Your objective:
Below are records; copy every line among them that contains the word "elim".

Task material:

Lemma gauss_prod_shift s m : (0 < m)%N ->
  s * gauss_prod (s + 1) m = gauss_prod s m * (1 + (s + 1) / m%:R).
Proof.
move=> m0; have m_neq0 : (m%:R : R) != 0 by rewrite pnatr_eq0 -lt0n.
rewrite !gauss_prodE // mulrDl mul1r opprD expRD (expRN (ln _)) lnK ?posrE ?ltr0n //.
by rewrite mulrA poch_shift -natr1; field.
Qed.

Lemma gauss_prod_cvg_rec s :
  cvgn (gauss_prod (s + 1)) -> gauss_prod s @ \oo --> s * rgamma (s + 1).
Proof.
set c := fun m : nat => 1 + (s + 1) / (m%:R : R).
have c_cvg : c @ \oo --> (1 : R).
  rewrite -[X in _ --> X]addr0 -(mulr0 (s + 1)); apply: cvgD; first exact: cvg_cst.
  by apply: cvgM; [exact: cvg_cst | rewrite -cvg_shiftS; exact: cvg_harmonic].
move=> /cvg_ex[/= r gauss_prod_r]; rewrite rgammaE (cvg_lim _ gauss_prod_r) //.
rewrite -[X in _ --> X]mulr1 -[1]invr1.
have c_near : \forall m \near \oo, c m != 0.
  exact: cvgr_neq0 c_cvg (oner_neq0 R).
apply: cvg_trans (_ : (fun m => s * gauss_prod (s + 1) m * (c m)^-1) @ \oo --> _).
  apply: near_eq_cvg; near=> m.
  by rewrite gauss_prod_shift -/(c m) ?mulfK //; near: m; [exact: c_near | exists 1%N].
by apply: cvgM; [apply: cvgM; [exact: cvg_cst | exact: gauss_prod_r] | apply: cvgV].
Unshelve. all: by end_near.
Qed.

Lemma gauss_prod_cvg s : cvgn (gauss_prod s).
Proof.
suff gauss_prod_cvg_shift N : forall s, 0 <= s + N%:R -> cvgn (gauss_prod s).
  apply: (gauss_prod_cvg_shift (Num.bound `|s|)); apply: ltW.
  rewrite -ltrBlDl sub0r; apply: le_lt_trans (archi_boundP (normr_ge0 s)).
  by rewrite -normrN ler_norm.
elim: N => [|N IH] {}s s_ge; first by apply: gauss_prod_cvg_ge0; rewrite addr0 in s_ge.
have /gauss_prod_cvg_rec gauss_prod_s : cvgn (gauss_prod (s + 1)).
  by apply: IH; rewrite -addrA [1 + _]addrC natr1.
by apply/cvg_ex; exists (s * rgamma (s + 1)).
Qed.

Lemma rgammaS s : rgamma s = s * rgamma (s + 1).
Proof.
rewrite rgammaE; apply: cvg_lim => //.
by apply: gauss_prod_cvg_rec; apply: gauss_prod_cvg.
Qed.

Lemma rgammaSn s N : rgamma s = (\prod_(i < N) (s + i%:R)) * rgamma (s + N%:R).
Proof.
elim: N s => [|N IH] s; first by rewrite big_ord0 mul1r addr0.
rewrite rgammaS IH [in RHS]big_ord_recl addr0 -mulrA.
congr (_ * (_ * rgamma _)); last by rewrite -natr1; ring.
by apply: eq_bigr => i _; rewrite lift0 -natr1; ring.
Qed.

(* [rgamma (a - b + t)] with its zero [t ^+ (a <= b)] divided out; see
   [rgamma_natB]. *)
Definition rgamma_reg (a b : nat) t : R :=
  if (a <= b)%N then (\prod_(i < b - a) (t - (b - a)%:R + i%:R)) * rgamma (1 + t)
  else rgamma (1 + t) / \prod_(i < (a - b).-1) (1 + t + i%:R).

Lemma rgamma_natB a b t : -1 < t ->
  rgamma (a%:R - b%:R + t) = t ^+ (a <= b)%N * rgamma_reg a b t.
Proof.
move=> t_gt; rewrite /rgamma_reg; case: leqP => ab.
  rewrite expr1 -opprB -natrB // addrC (rgammaSn _ (b - a).+1) big_ord_recr /=.
  have -> : t - (b - a)%:R + (b - a).+1%:R = 1 + t by rewrite -natr1; ring.
  by rewrite subrK; ring.
have [q aqb] : exists q, a = (b + q.+1)%N.
  by exists (a - b).-1; rewrite prednK ?subn_gt0 ?subnKC // ltnW.
have prod_gt0 : 0 < \prod_(i < q) (1 + t + i%:R).
  by apply: prodr_gt0 => i _; rewrite ltr_wpDr // -ltrBlDl sub0r.
rewrite aqb addKn /= expr0 mul1r (rgammaSn (1 + t) q) mulrC mulKf ?gt_eqF //.
by congr rgamma; rewrite natrD -natr1; ring.
Qed.
Lemma lt_total x y : lt x y \/ x = y \/ lt y x.
Proof. by case: lt_wo => _ [_ []]. Qed.

Lemma lt_wf : well_founded lt.
Proof. by case: lt_wo => _ [_ []]. Qed.

Definition lte x y := x = y \/ lt x y.

Lemma lte_trans x y z : lte x y -> lte y z -> lte x z.
Proof. by move=> [->|xy] [<-|yz]; [left|right|right|right; apply: lt_trans xy yz]. Qed.

Lemma lte_lt_trans x y z : lte x y -> lt y z -> lt x z.
Proof. by move=> [->|xy] // yz; apply: lt_trans xy yz. Qed.

Lemma lt_lte_trans x y z : lt x y -> lte y z -> lt x z.
Proof. by move=> xy [<-|yz] //; apply: lt_trans xy yz. Qed.

Lemma lteNlt x y : ~ lt x y -> lte y x.
Proof. by move=> xy; case: (lt_total x y) => [//|[->|]]; [left|right]. Qed.

Definition maxo x y := if pselect (lt x y) then y else x.

Lemma maxo_cases x y : maxo x y = x \/ maxo x y = y.
Proof. by rewrite /maxo; case: pselect; [right|left]. Qed.

Lemma lte_maxl x y : lte x (maxo x y).
Proof. by rewrite /maxo; case: pselect => [xy|nxy]; [right|left]. Qed.

Lemma lte_maxr x y : lte y (maxo x y).
Proof. by rewrite /maxo; case: pselect => [xy|/lteNlt //]; left. Qed.

Lemma maxo_lt x y z : lt x z -> lt y z -> lt (maxo x y) z.
Proof. by move=> xz yz; case: (maxo_cases x y) => ->. Qed.

Lemma wf_least (P : K -> Prop) :
  (exists z, P z) -> exists z, P z /\ forall z', lt z' z -> ~ P z'.
Proof.
move=> [z pz]; apply: contrapT => nomin; elim/(well_founded_induction lt_wf): z pz.
by move=> z IH pz; apply: nomin; exists z; split=> // z' z'z /(IH _ z'z).
Qed.

Definition is_cardinal m := forall b, lt b m -> ~ injects (ord m) (ord b).
Lemma le_sint E s t : S E -> srep s -> srep t ->
  (forall w, E w -> (sfval s w <= sfval t w)%E) -> dle (sint E t) (sint E s).
Proof.
elim: s E => [|[x A] s IH] E hE hs ht st; first by apply: dle_eps0; auto.
have /simple_rep_cons [x0 hA _ hs'] := hs.
rewrite (sint_split hE hA ht) (sint_split hE hA hs).
apply: tau_le; auto.
- rewrite sint_cons_setI //; apply: sint_le_dscal; auto => w [Ew Aw].
  by rewrite -(sfval_cons_in hs Aw) st.
- rewrite sint_cons_setD //; apply: IH; auto => w [Ew Aw].
  by rewrite -(sfval_cons_notin x s Aw) st.
Qed.

End Integral.

Section Staircase.
Variable f : Omega -> \bar R.
Hypotheses (f_ge0 : forall w, (0 <= f w)%E) (f_meas : measurable_fn S f).

Lemma measurable_fn_gt b : 0 <= b -> S [set w | (b%:E < f w)%E].
Proof.
move=> b0; have [sn [hsn hcv]] := f_meas.
pose c k := b + k.+1%:R^-1.
have c_ge0 k : 0 <= c k by rewrite addr_ge0 ?invr_ge0.
suff -> : [set w | (b%:E < f w)%E] =
    \bigcup_k \bigcup_N \bigcap_n [set w | ((c k)%:E < sfval (sn (N + n)%N) w)%E].
  do 2 apply: sigma_ring_bigcup => ?; apply: sigma_ring_bigcap => n.
  exact: sigma_ring_sfval_gt.
apply/seteqP; split=> w /=.
- move=> bf; have [k ckf] : exists k, ((c k)%:E < f w)%E.
    move: bf; case: (f w) => [r| |] //; last by exists 0%N; rewrite ltry.
    by rewrite lte_fin => /ltr_add_invr [k hk]; exists k; rewrite lte_fin.
  have [N _ hN] : \forall n \near \oo, ((c k)%:E < sfval (sn n) w)%E.
    exact: (hcv w _ (open_ereal_gt' ckf)).
  by exists k => //; exists N => // n _; apply: hN; rewrite /= leq_addr.
- move=> [k _ [N _ hN]]; apply: (@lt_le_trans _ _ (c k)%:E).
    by rewrite lte_fin ltrDl invr_gt0.
  apply: (cvge_to_ge (hcv w)); exists N => // n /= Nn.
  by have := hN (n - N)%N I; rewrite subnKC // => /ltW.
Qed.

Exercise answer:
elim: N => [|N IH] {}s s_ge; first by apply: gauss_prod_cvg_ge0; rewrite addr0 in s_ge.
elim: N s => [|N IH] s; first by rewrite big_ord0 mul1r addr0.
move=> [z pz]; apply: contrapT => nomin; elim/(well_founded_induction lt_wf): z pz.
elim: s E => [|[x A] s IH] E hE hs ht st; first by apply: dle_eps0; auto.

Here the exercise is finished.